→ **Your assignment**
Say how many lines in the entries hold the string "Implicit", giving the number by itself.

+ + +

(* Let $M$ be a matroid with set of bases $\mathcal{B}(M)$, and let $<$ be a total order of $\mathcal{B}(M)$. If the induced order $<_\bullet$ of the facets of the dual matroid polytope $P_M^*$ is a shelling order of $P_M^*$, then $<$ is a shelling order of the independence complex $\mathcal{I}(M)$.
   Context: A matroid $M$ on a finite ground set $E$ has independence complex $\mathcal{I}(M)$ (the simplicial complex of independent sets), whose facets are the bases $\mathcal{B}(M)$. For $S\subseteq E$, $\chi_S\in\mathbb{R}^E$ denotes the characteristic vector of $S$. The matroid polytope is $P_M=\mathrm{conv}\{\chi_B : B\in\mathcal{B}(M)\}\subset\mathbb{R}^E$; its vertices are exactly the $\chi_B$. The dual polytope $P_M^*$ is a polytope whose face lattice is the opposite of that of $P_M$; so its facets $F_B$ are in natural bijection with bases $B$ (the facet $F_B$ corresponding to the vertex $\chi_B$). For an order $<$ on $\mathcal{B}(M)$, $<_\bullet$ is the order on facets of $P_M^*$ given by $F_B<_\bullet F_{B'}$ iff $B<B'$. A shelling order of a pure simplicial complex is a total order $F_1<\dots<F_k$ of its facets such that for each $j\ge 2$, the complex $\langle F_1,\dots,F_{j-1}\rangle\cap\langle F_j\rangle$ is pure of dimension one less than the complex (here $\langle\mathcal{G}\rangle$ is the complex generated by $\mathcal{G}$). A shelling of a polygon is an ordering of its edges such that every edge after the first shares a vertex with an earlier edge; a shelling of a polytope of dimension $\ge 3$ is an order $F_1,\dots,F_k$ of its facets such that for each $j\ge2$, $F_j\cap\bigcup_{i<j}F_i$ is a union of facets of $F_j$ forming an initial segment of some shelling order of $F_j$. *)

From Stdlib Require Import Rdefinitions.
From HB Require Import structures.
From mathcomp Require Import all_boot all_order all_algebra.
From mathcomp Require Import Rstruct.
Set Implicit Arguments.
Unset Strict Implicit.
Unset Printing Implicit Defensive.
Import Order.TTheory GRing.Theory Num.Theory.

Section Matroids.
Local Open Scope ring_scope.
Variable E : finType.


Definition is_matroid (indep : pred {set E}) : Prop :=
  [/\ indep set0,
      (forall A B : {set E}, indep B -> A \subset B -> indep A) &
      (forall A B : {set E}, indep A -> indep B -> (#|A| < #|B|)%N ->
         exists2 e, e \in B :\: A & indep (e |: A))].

+ + +

→ **Solution to this problem**
3